Hi all, I have a 2015 LT with the 1.4T and the 6 speed manual transmission with right around 90k on the clock. Recently I’ve started to notice what feels like a slip in the transmission or maybe even a hesitation in then engine, but I’m leaning towards the transmission issue. When I’m in the higher gears (4-6 usually) and slightly / moderately accelerating, I feel multiple little hesitations in the cars acceleration. I don’t have the pedal to the floor, and the rpm’s are usually in the 2000-3000 range when it does this, and the hesitations are so quick that the tach doesn’t even register any changes in rpm. The only thing that makes me not 100% that it’s the transmission is that when I’m in lower gears starting from a dead stop, I can give it full throttle and there’s no slippage. If this was the clutch starting to go, wouldn’t it slip just as much in the lower gears as the high ones? The times when I’ve noticed it the most are when I’m going up a hill on the interstate and trying to hold speed or speed up a little. Also, no codes are being thrown either. 
Any help would be appreciated, thanks!


----------



## snowwy66 (Nov 5, 2017)

With right foot on brake and trans in second gear. Slowly let the clutch out.
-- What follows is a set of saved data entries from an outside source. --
Lemma coef_HJemb_eq0 (G : {set E m}) :
  (0 < d)%N -> (d <= #|G|)%N -> coef_HJemb I g0 c d lam G = 0.
Proof.
move=> d_gt0 dG.
have [g gG] : exists g, g \in G by apply/set0Pn; rewrite -card_gt0 (leq_trans d_gt0 dG).
have [i0 i0g] : exists i0, i0 \in val g.
  by apply/set0Pn; rewrite -card_gt0; case/andP: (valP g).
have i0G : exists2 g, g \in G & i0 \in val g by exists g.
have WX : wcover I \subset X by apply/bigcupsP => i _; case: (IX i).
have inX F : in_fiber I g0 d G F -> forall e, e \in F -> val e \subset X.
  case/(in_fiberP dG) => FW _ _ _ e eF.
  by rewrite (subset_trans (sub_Ucup eF)) // (subset_trans FW).
rewrite /coef_HJemb (partition_big (fiber_key I i0) predT) //=; apply: big1 => K _.
case: (pickP [pred F | in_fiber I g0 d G F && (fiber_key I i0 F == K)]);
  last by move=> none; rewrite big_pred0.
move=> F0 /andP [F0fib /eqP <-].
rewrite (eq_bigr (fun _ => lam F0)) => [|F /andP [Ffib /eqP [tauF _ _]]]; last first.
  have [FW _ _ _] := in_fiberP dG Ffib.
  rewrite (_ : outer_ones I c F) ?mulr1; last first.
    by apply/forall_inP => e eF; rewrite (subset_trans (sub_Ucup eF) FW).
  case/andP: (Ffib) (F0fib) => Fd _ /andP [F0d _].
  exact: canlam (inX F Ffib) Fd (inX F0 F0fib) F0d tauF.
set cls := [set F | in_fiber I g0 d G F && (fiber_key I i0 F == fiber_key I i0 F0)].
rewrite (eq_bigl (fun F => F \in cls)); last by move=> F; rewrite in_set.
have two_k : (1 < 2 ^ k)%N by rewrite -{1}(expn0 2) ltn_exp2l.
rewrite sumr_const card_fiber_class // -mulr_natr; case: (IX i0) => _ ->.
have a_bounds := card_Ucup_fiber wcI dG i0G F0fib.
by rewrite (Zp_nat_eq0 two_k (dvdn_bin_fact _ a_bounds)) mulr0.
Qed.

Lemma intpoly_le_HJemb (Q : {ffun E n -> bool} -> 'Z_(2 ^ k)) alpha :
  (forall x, Q x = alpha + \sum_(F : {set E n} | (0 < #|F| <= d)%N)
                             lam F * \prod_(e in F) ((x e : nat)%:R)) ->
  (0 < d)%N -> intpoly_le (fun x => Q (HJemb I c x)) d.-1.
Proof.
move=> HQ d_gt0; exists (alpha + coef_HJemb I g0 c d lam set0), (coef_HJemb I g0 c d lam) => x.
rewrite HQ HJemb_expand (bigD1 set0) //= big_set0 mulr1 -addrA; congr (_ + (_ + _)).
rewrite (bigID (fun G : {set E m} => #|G| <= d.-1)%N) /= [X in _ + X = _]big1 ?addr0.
  by apply: eq_bigl => G; rewrite card_gt0.
move=> G /andP [_]; rewrite -ltnNge prednK // => dG.
by rewrite coef_HJemb_eq0 ?mul0r.
Qed.

End Coefficients.

Lemma intpoly_deg_exists k (N : finType) (Q : {ffun N -> bool} -> 'Z_(2 ^ k)) b :
  intpoly_le Q b -> exists2 d, intpoly_deg Q d & (d <= b)%N.
Proof.
move=> Qb; have [|d [[Qd mind] _]] :=
  dec_inh_nat_subset_has_unique_least_element (intpoly_le Q) (fun d => classic _).
  by exists b.
by exists d; [split=> // d' /mind /leP | apply/leP/mind].
Qed.

Unset Implicit Arguments.
Theorem lemma5p10 (n k : nat) (X : {set 'I_n}) (d : nat)
    (Q : {ffun E n -> bool} -> 'Z_(2 ^ k))
    (alpha : 'Z_(2 ^ k)) (lam : {set E n} -> 'Z_(2 ^ k))
    (m : nat) (I : 'I_m -> {set 'I_n}) (c : {ffun E n -> bool}) :
  (0 < n)%N -> (0 < k)%N -> X != set0 -> (1 <= d)%N ->
  (forall x, Q x = alpha + \sum_(F : {set E n} | (0 < #|F| <= d)%N)
                             lam F * \prod_(e in F) ((x e : nat)%:R)) ->
  intpoly_deg Q d ->
  (1 <= m)%N -> wildcards I -> block I -> c_admissible I c ->
  canonical_in d X lam ->
  (forall i, I i \subset X /\ #|I i| = ((d.+1)`! * 2 ^ k)%N) ->
  exists d', intpoly_deg (fun x => Q (HJemb I c x)) d' /\ (d' < d)%N.
Proof.
move=> _ k_gt0 _ d_gt0 HQ _ m_gt0 wcI blkI admc canlam IX.
have g0 : E m by exists [set Ordinal m_gt0]; rewrite cards1.
have [d' deg_d' le_d'] :=
  intpoly_deg_exists (intpoly_le_HJemb g0 wcI blkI admc k_gt0 canlam IX HQ d_gt0).
by exists d'; split; last by rewrite (leq_ltn_trans le_d') // ltn_predL.
Qed.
If car dies. Clutch good. 
Car runs. Clutch bad.


----------



## Diamond193 (Jul 28, 2019)

The clutch would go before the trans right ?


----------



## snowwy66 (Nov 5, 2017)

Not necessarily


----------



## ajy3639 (Nov 28, 2020)

snowwy66 said:


> With right foot on brake and trans in second gear. Slowly let the clutch out.
> 
> If car dies. Clutch good.
> Car runs. Clutch bad.


I went out and tried this, and it died right away, no slipping that I could notice. Also in case it’s relevant, I replaced the transmission fluid about 20k miles ago with amsoil synchromesh synthetic fluid.


----------



## Atstehley (Feb 11, 2019)

I have a slight feeling the "hesitations" you are feeling is the computer adjusting timing. You can visit this thread to learn more about it. Basically, run 93/91 fuel and gap a fresh set of plugs to .028" and it may get better.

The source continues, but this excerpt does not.